- PROBLEM STATEMENT: Each line of the listing below that includes "strategy" must be copied.

* * * * *

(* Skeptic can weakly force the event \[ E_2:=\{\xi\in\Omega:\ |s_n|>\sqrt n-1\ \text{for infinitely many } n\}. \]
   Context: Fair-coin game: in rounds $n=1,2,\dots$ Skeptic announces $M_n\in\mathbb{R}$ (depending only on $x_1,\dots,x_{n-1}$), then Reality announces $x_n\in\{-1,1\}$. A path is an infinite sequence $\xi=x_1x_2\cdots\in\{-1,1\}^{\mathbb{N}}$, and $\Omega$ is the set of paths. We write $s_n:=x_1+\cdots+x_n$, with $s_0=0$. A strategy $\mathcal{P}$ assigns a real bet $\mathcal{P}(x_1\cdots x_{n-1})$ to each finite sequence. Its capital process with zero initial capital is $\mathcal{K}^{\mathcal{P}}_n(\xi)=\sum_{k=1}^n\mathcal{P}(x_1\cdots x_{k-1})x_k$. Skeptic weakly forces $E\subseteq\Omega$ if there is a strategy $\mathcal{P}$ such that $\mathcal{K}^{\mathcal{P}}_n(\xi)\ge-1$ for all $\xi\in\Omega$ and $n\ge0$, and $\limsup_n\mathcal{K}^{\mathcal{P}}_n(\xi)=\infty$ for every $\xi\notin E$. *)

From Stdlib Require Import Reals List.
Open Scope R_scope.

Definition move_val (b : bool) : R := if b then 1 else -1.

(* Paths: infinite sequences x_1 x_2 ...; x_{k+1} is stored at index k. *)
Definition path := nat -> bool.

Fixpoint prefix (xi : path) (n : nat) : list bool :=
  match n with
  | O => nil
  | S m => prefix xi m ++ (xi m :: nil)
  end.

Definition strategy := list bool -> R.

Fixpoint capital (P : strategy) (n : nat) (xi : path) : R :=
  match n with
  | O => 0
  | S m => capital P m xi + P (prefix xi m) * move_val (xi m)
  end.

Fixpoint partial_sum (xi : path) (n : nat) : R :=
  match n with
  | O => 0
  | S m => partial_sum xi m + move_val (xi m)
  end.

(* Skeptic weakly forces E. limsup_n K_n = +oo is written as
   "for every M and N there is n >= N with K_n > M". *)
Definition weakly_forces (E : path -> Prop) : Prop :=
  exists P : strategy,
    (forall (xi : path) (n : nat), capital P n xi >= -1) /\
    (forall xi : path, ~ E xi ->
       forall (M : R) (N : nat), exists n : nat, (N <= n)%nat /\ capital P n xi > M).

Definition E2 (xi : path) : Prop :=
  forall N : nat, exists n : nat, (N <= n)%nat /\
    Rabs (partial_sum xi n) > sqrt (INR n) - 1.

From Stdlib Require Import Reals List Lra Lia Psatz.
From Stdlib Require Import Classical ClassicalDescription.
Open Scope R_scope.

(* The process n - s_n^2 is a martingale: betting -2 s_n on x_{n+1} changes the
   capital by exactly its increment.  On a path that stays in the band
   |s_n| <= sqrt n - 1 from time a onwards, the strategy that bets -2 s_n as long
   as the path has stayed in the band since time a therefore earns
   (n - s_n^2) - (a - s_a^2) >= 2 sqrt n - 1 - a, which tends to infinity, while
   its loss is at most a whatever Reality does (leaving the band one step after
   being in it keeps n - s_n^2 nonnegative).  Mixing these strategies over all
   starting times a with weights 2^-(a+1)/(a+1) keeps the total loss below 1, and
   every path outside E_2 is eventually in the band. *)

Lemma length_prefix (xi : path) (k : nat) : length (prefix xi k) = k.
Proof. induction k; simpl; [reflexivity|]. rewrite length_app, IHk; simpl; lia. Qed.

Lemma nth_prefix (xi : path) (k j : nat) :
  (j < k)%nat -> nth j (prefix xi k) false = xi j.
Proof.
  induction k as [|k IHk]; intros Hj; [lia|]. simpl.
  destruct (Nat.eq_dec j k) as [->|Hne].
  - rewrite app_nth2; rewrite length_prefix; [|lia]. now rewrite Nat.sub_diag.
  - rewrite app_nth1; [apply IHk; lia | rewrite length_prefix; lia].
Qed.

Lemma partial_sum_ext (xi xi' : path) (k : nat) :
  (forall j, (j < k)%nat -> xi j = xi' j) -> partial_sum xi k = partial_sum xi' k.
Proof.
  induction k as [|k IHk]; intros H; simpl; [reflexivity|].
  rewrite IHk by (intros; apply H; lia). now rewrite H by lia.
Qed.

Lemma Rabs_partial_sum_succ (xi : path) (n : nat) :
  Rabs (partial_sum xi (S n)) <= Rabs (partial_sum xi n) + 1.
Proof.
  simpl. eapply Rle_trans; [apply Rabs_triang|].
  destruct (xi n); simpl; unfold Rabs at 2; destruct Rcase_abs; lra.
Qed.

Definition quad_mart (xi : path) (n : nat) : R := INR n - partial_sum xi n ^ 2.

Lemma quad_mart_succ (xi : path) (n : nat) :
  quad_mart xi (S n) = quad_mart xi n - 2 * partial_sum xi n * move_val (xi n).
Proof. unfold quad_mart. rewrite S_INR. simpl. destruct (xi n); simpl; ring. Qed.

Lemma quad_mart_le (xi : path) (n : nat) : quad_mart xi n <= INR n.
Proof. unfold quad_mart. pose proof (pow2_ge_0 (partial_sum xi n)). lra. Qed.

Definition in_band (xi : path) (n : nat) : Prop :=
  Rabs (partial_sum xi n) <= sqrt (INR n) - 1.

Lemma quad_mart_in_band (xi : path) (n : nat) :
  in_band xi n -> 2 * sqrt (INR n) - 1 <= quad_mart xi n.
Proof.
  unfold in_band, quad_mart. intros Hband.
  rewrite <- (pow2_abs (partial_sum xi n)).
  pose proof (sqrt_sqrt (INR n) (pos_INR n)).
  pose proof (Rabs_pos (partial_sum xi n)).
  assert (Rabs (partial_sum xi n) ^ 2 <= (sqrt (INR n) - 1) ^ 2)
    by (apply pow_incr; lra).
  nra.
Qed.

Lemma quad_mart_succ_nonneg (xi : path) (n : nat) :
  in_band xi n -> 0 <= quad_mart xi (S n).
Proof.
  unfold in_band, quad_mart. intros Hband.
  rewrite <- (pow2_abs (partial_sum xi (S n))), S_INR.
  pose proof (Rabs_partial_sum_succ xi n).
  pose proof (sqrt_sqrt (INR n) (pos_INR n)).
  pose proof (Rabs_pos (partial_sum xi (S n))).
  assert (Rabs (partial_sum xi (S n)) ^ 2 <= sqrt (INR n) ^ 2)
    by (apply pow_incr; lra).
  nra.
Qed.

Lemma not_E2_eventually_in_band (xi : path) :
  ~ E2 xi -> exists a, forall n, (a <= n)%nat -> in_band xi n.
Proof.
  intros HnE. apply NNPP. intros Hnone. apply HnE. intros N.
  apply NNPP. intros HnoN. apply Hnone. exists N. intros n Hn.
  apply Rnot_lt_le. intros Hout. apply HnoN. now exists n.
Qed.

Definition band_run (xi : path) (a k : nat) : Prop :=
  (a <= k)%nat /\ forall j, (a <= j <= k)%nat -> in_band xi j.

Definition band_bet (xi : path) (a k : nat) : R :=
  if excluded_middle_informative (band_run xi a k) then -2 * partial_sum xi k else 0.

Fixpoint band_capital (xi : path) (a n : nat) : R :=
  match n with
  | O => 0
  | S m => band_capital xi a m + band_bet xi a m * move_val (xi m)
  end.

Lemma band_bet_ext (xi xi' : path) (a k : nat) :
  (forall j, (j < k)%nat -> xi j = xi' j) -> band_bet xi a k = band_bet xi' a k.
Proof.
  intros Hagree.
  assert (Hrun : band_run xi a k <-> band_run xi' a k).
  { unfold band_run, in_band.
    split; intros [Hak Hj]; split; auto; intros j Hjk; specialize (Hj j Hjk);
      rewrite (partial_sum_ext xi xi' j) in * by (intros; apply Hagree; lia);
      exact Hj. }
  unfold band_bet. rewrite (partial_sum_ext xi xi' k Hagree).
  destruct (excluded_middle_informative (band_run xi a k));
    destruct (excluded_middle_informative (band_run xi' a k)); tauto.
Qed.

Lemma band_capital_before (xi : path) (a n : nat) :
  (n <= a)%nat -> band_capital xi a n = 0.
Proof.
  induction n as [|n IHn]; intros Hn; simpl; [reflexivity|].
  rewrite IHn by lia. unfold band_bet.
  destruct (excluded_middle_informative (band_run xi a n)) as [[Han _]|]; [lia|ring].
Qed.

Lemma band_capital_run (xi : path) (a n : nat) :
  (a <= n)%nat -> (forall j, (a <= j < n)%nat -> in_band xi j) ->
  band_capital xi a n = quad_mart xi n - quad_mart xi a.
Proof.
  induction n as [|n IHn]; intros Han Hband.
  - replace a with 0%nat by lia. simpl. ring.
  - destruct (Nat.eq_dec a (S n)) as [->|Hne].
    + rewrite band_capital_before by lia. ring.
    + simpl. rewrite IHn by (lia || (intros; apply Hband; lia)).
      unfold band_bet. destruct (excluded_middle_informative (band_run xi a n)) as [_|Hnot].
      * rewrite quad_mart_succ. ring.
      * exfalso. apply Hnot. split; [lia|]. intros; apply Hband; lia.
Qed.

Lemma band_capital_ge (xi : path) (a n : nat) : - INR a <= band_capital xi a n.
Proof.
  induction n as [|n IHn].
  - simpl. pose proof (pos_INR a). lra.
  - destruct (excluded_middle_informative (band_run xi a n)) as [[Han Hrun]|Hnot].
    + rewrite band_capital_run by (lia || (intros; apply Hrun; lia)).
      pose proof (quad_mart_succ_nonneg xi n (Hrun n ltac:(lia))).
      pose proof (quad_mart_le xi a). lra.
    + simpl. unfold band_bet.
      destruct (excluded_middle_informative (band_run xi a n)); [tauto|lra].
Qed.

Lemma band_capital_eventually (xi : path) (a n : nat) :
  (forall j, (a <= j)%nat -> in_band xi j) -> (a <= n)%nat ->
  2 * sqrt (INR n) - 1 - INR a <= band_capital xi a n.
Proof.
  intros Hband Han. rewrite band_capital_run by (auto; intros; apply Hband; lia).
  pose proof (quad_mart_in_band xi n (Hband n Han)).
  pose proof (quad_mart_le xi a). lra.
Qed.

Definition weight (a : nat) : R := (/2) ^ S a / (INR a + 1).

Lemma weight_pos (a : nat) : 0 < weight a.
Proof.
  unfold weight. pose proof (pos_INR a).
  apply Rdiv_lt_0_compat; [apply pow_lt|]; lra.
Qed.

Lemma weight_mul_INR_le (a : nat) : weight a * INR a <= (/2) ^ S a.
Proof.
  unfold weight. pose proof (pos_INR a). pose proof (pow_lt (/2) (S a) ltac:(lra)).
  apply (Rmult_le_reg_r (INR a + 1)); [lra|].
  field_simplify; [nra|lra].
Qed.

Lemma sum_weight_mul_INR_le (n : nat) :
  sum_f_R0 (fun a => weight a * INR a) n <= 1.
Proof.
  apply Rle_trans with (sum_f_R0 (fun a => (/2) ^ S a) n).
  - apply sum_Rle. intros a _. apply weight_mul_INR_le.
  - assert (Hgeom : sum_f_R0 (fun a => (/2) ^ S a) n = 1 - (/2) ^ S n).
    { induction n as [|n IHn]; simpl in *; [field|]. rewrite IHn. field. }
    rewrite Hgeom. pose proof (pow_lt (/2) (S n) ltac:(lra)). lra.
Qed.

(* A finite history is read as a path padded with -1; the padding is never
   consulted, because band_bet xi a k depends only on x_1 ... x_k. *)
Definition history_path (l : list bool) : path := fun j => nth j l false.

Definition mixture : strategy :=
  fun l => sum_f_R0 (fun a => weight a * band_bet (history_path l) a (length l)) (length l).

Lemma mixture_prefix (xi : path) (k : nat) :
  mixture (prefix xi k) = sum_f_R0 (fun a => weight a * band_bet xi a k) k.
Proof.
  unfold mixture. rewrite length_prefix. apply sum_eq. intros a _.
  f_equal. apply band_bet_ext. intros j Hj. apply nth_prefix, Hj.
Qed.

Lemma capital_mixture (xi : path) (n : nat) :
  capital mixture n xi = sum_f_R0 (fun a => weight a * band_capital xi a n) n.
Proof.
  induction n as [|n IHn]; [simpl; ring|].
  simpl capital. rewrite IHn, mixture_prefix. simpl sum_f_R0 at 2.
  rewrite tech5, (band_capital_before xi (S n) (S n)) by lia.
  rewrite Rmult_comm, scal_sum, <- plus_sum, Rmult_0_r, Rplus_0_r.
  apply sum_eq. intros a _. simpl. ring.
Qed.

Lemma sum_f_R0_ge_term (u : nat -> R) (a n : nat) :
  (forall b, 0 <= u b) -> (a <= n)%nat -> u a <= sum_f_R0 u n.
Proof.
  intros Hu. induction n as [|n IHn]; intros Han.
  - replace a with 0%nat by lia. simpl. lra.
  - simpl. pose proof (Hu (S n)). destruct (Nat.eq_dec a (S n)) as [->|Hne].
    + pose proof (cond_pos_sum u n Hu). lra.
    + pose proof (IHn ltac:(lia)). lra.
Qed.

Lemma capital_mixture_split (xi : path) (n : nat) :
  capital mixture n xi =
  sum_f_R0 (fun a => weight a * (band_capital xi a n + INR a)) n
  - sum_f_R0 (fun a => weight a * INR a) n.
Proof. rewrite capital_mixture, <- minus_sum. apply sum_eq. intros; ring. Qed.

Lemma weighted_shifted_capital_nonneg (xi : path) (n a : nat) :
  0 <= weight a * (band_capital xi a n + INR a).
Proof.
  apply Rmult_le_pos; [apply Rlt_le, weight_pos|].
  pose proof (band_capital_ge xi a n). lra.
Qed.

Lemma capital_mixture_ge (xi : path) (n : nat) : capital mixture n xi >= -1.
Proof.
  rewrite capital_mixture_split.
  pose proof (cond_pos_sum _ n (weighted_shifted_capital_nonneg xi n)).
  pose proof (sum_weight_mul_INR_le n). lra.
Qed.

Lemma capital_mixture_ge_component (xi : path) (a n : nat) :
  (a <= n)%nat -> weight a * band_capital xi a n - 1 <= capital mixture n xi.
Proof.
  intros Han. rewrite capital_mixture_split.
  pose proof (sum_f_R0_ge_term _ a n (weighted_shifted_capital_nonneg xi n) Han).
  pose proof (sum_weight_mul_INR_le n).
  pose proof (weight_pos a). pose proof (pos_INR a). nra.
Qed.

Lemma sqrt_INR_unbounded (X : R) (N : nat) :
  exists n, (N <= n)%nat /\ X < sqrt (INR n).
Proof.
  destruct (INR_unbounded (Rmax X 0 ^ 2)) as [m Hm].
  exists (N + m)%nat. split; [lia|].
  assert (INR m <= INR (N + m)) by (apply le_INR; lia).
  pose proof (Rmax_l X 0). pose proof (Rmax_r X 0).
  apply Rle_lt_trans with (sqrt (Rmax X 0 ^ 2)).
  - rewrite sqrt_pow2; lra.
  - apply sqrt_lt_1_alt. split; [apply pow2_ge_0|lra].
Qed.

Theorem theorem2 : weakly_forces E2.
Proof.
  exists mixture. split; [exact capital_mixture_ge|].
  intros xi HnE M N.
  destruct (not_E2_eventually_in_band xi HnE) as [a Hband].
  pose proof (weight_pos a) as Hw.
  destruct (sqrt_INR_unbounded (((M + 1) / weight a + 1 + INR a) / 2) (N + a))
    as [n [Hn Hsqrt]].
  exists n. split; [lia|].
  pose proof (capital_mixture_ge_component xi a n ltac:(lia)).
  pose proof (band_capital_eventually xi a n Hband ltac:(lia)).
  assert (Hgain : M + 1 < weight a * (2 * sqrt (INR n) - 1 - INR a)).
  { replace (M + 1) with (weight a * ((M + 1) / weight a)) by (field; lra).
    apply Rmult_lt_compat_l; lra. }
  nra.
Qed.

* * * * *

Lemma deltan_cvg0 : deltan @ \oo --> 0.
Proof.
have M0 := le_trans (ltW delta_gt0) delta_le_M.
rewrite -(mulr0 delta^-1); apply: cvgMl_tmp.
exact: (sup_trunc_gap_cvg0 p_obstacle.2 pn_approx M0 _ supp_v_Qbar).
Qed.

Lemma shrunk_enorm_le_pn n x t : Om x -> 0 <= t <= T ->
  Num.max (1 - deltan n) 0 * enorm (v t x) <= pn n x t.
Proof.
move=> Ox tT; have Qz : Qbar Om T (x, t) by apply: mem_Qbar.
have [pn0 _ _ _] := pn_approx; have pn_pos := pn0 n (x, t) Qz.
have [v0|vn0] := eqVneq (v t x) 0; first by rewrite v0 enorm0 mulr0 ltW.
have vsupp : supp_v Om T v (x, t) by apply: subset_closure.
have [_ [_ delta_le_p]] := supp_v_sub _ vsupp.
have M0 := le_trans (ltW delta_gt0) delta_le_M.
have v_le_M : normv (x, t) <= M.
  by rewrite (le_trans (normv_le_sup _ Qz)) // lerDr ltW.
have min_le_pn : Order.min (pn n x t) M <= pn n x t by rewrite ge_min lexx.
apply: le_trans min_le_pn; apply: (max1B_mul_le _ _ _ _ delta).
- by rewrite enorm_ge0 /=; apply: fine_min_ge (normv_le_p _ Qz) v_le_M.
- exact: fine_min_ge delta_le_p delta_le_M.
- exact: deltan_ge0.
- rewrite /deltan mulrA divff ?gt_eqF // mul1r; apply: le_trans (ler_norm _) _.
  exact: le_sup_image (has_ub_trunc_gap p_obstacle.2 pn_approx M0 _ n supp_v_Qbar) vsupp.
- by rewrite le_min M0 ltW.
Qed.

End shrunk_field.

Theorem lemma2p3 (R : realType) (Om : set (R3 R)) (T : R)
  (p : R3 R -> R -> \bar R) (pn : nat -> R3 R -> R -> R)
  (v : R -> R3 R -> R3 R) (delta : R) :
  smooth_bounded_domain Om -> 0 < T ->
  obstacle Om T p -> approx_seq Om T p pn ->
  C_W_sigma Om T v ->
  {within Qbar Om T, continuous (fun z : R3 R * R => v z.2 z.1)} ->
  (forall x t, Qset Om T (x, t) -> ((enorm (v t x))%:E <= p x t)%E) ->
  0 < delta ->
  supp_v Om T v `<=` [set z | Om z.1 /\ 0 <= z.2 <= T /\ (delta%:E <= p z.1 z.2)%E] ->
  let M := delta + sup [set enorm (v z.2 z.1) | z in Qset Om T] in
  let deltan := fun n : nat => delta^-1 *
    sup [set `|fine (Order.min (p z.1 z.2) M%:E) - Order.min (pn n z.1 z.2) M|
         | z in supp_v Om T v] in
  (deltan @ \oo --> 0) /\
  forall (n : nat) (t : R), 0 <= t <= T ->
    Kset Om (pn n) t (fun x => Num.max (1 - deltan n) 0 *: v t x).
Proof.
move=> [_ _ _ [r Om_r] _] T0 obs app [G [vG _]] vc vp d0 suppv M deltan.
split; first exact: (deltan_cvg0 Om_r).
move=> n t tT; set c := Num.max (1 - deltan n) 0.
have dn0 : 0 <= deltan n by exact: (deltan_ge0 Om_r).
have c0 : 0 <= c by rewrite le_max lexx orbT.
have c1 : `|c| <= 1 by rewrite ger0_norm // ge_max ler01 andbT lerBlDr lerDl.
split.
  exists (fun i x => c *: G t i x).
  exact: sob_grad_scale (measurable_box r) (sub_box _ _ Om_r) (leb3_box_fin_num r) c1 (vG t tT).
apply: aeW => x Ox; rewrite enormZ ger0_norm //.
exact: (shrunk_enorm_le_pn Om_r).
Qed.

* * * * *

- EXERCISE ANSWER:
   Context: Fair-coin game: in rounds $n=1,2,\dots$ Skeptic announces $M_n\in\mathbb{R}$ (depending only on $x_1,\dots,x_{n-1}$), then Reality announces $x_n\in\{-1,1\}$. A path is an infinite sequence $\xi=x_1x_2\cdots\in\{-1,1\}^{\mathbb{N}}$, and $\Omega$ is the set of paths. We write $s_n:=x_1+\cdots+x_n$, with $s_0=0$. A strategy $\mathcal{P}$ assigns a real bet $\mathcal{P}(x_1\cdots x_{n-1})$ to each finite sequence. Its capital process with zero initial capital is $\mathcal{K}^{\mathcal{P}}_n(\xi)=\sum_{k=1}^n\mathcal{P}(x_1\cdots x_{k-1})x_k$. Skeptic weakly forces $E\subseteq\Omega$ if there is a strategy $\mathcal{P}$ such that $\mathcal{K}^{\mathcal{P}}_n(\xi)\ge-1$ for all $\xi\in\Omega$ and $n\ge0$, and $\limsup_n\mathcal{K}^{\mathcal{P}}_n(\xi)=\infty$ for every $\xi\notin E$. *)
Definition strategy := list bool -> R.
Fixpoint capital (P : strategy) (n : nat) (xi : path) : R :=
  exists P : strategy,
   |s_n| <= sqrt n - 1 from time a onwards, the strategy that bets -2 s_n as long
Definition mixture : strategy :=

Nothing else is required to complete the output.